Память - это больная девушка-еврейка, убегающая ночью тайком от родителей на Николаевский вокзал: не увезет ли кто?
"Страховой старичок" Гешка Рабинович, как только родился, потребовал бланки для полисов и мыло Ралле. Жил он на Невском в крошечной девической квартирке. Его незаконная связь с какой-то Лизочкой умиляла всех. - Генрих Яковлевич спит, - говаривала Лизочка, приложив {50} палец к губам, и вся вспыхивала. Она, конечно, надеялась - сумасшедшей надеждой - что Генрих Яковлевич еще подрастет и проживет с ней долгие годы, что их розовый бездетный брак, освященный архиереями из кофейни Филиппова, - только начало...
А Генрих Яковлевич с легкостью болонки бегал по лестницам и страховал на дожитие.
В еврейских квартирах стоит печальная усатая тишина.
Она слагается из разговоров маятника с крошками булки на клеенчатой скатерти и серебряными подстаканниками.
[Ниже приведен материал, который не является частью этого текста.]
Definition strongly_convex_on (A : set V) (nrm : V -> R) (sigma : R)
  (F : V -> R) : Prop :=
  forall x y (t : R), A x -> A y -> 0 <= t <= 1 ->
    F (t *: x + (1 - t) *: y)
      <= t * F x + (1 - t) * F y - sigma / 2 * t * (1 - t) * (nrm (x - y)) ^+ 2.

Definition subgrad_oracle (A : set V) (f : V -> R) (g : V -> V) : Prop :=
  forall x y, A x -> A y -> f x + dotp (g x) (y - x) <= f y.

Definition holder_cond (A : set V) (f : V -> R) (g : V -> V) (nrm : V -> R)
  (M rho : R) : Prop :=
  forall x y, A x -> A y ->
    f y - f x - dotp (g x) (y - x) <= M / (1 + rho) * (nrm (y - x)) `^ (1 + rho).

Definition bregman_term (omega : V -> R) (x z : V) : R :=
  omega x - omega z - 'd omega z (x - z).

Definition is_Dsq (A : set V) (omega : V -> R) (D2 : R) : Prop :=
  (exists x z, A x /\ A z /\ bregman_term omega x z = D2) /\
  (forall x z, A x -> A z -> bregman_term omega x z <= D2).

Definition Omega_wX (sigma D2 : R) : R := 2 * D2 / sigma.

Fixpoint gam (alpha : nat -> R) (k : nat) : R :=
  match k with
  | 0 => 1
  | k'.+1 => if k' is 0 then 1 else (1 - alpha k) * gam alpha k'
  end.

(* || Gamma_k(1,rho) ||_{2/(1-rho)}, with 2/(1-rho) = oo when rho = 1 *)
Definition Gamma_entry (alpha : nat -> R) (rho : R) (i : nat) : R :=
  (gam alpha i)^-1 * (alpha i) `^ (1 + rho).

Definition Gamma_norm (alpha : nat -> R) (rho : R) (k : nat) : R :=
  if rho == 1 then \big[Num.max/0]_(1 <= i < k.+1) `|Gamma_entry alpha rho i|
  else (\sum_(1 <= i < k.+1) `|Gamma_entry alpha rho i| `^ (2 / (1 - rho)))
         `^ ((1 - rho) / 2).
Lemma row_lvl_le (t : nat) : (1 <= t <= m - 1)%nat -> forall i, (i <= k)%nat ->
  forall w, in_row t w ->
  lvl (verts k m) (X ((t - 1) * k + i)%nat) w <= inv_deg_sum k i.
Proof.
  intros Ht. induction i as [|i IH]; intros Hi w Hw.
  - rewrite Nat.add_0_r, (lvl_frozen w 0 ((t - 1) * k)), HX0, lvl_zero; [apply inv_deg_sum_nonneg| nia|].
    intros s Hs. pose proof (Nat.Div0.div_lt_upper_bound s k (t - 1) ltac:(lia)).
    split; [unfold uvert| unfold in_row]; destruct w; simpl in Hw |- *; try congruence;
      intros E; try injection E; lia.
  - set (s := ((t - 1) * k + i)%nat).
    assert (Hs : s = upos k t (S i)) by (unfold s, upos; lia).
    assert (Hsm : (s < m * k)%nat) by (unfold s; nia).
    assert (Hq : (s / k + 1 = t)%nat)
      by (pose proof (div_mod_block k (t - 1) s ltac:(unfold s; lia)); lia).
    replace ((t - 1) * k + S i)%nat with (S s) by (unfold s; lia).
    rewrite inv_deg_sum_S.
    pose proof (inv_deadline_deg_pos k (S i)).
    destruct (in_dec vtx_eq_dec w (nbrs k m s)) as [Hin|Hout].
    + assert (Hlen := deadline_deg_le_length_nbrs k m t (S i) Ht ltac:(lia)).
      rewrite <- Hs in Hlen.
      assert (/ INR (length (nbrs k m s)) <= / INR (deadline_deg k (S i)))
        by (apply Rinv_le_contravar; [apply lt_0_INR; unfold deadline_deg; lia| apply le_INR, Hlen]).
      assert (lvl (verts k m) (X (S s)) w
              <= inv_deg_sum k i + / INR (length (nbrs k m s))).
      { apply (wf_step_lvl_le (verts k m) (nbr_test k m s)
                 (uvert k s) (X s)); auto using verts_NoDup, uvert_in_verts, uvert_notin_nbrs.
        - apply X_nonneg; lia.
        - intros v Hv. apply IH; [lia|]. rewrite <- Hq. apply (nbrs_in_row k m); auto. }
      lra.
    + rewrite lvl_step_frozen; auto.
      * pose proof (IH ltac:(lia) w Hw) as HIH. fold s in HIH. lra.
      * rewrite Hs, uvert_upos by lia. intros E. subst w. simpl in Hw. lia.
Qed.

Lemma passive_lvl_U_le (t i : nat) : (1 <= t <= m)%nat -> (1 <= i <= k)%nat ->
  lvl (verts k m) (X (upos k t i)) (U t i) <= inv_deg_sum k k.
Proof.
  intros Ht Hi.
  rewrite (lvl_frozen (U t i) ((t - 1) * k) (upos k t i)); [| unfold upos; nia |].
  2: { intros s Hs. unfold upos in Hs.
       rewrite (uvert_block k (t - 1) s) by lia.
       destruct (div_mod_block k (t - 1) s ltac:(lia)) as [-> _].
       split; [intros E; injection E|]; simpl; lia. }
  destruct (Nat.eq_dec t 1) as [->|Ht1].
  - rewrite Nat.mul_0_l, HX0, lvl_zero.
    apply inv_deg_sum_nonneg.
  - replace ((t - 1) * k)%nat with ((t - 1 - 1) * k + k)%nat by nia.
    apply row_lvl_le; simpl; lia.
Qed.

Lemma final_lvl_V_le (t i : nat) : (1 <= t <= m - 1)%nat -> (1 <= i <= k)%nat ->
  lvl (verts k m) (X (m * k)%nat) (V t i) <= inv_deg_sum k k.
Proof.
  intros Ht Hi.
  rewrite (lvl_frozen (V t i) ((t - 1) * k + k) (m * k)); [apply row_lvl_le; simpl; lia| nia|].
  intros s Hs. split; [discriminate|].
  assert (t <= s / k)%nat by (apply Nat.div_le_lower_bound; nia).
  simpl; lia.
Qed.
End Run.

Theorem lemma3p3 :
  exists k0 : nat, forall k m : nat, (k0 <= k)%nat ->
  forall X : nat -> state,
    X 0%nat = (fun _ _ => 0) ->
    (forall s : nat, (s < m * k)%nat ->
       wf_step (verts k m) (uvert k s) (nbrs k m s) (X s) (X (S s))) ->
    (forall t i : nat, (1 <= t <= m)%nat -> (1 <= i <= k)%nat ->
       lvl (verts k m) (X (upos k t i)) (U t i) < 1) /\
    (forall t i : nat, (1 <= t <= m - 1)%nat -> (1 <= i <= k)%nat ->
       lvl (verts k m) (X (m * k)%nat) (V t i) < 1).
Proof.
  exists 1000%nat. intros k m Hk X HX0 Hstep.
  pose proof (inv_deg_sum_lt_1 k Hk).
  split; intros t i Ht Hi.
  - pose proof (passive_lvl_U_le k m X ltac:(lia) HX0 Hstep t i Ht Hi). lra.
  - pose proof (final_lvl_V_le k m X ltac:(lia) HX0 Hstep t i Ht Hi). lra.
Qed.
Тетя Вера приходила обедать и приводила с собой отца, - старика Пергамента. За плечами тети Веры стоял миф о разорении Пергамента. У него была квартира в сорок комнат на Крещатике в Киеве. "Дом - полная чаша". На улице под сорока комнатами били копытами лошади Пергамента. Сам Пергамент "стриг купоны".
Тетя Вера - лютеранка, подпевала прихожанам в красной кирке на Мойке. В ней был холодок компаньонки, лектрисы и сестры милосердия - этой странной породы людей, враждебно привязанных к чужой жизни. Ее тонкие лютеранские губы осуждали наш домопорядок, а стародевичьи {51} букли склонялись над тарелкой куриного супа с легкой брезгливостью.
Появляясь в доме, тетя Вера начинала машинально сострадать и предлагать свои красно-крестные услуги, словно разворачивая катушку марли и разбрасывая серпантином незримый бинт.
Ехали таратайки по твердой шоссейной дороге и топорщились, как кровельное железо, воскресные пиджаки мужчин. Ехали таратайки от "ярви" до "ярви", чтоб километры сыпались горохом, пахли спиртом и творогом. Ехали таратайки, двадцать одна и еще четыре - со старухами в черных косынках и в суконных юбках, твердых, как жесть. Нужно петь псалмы в петушиной кирке, пить черный кофий, разбавленный чистым спиртом, и той же дорогой вернуться домой.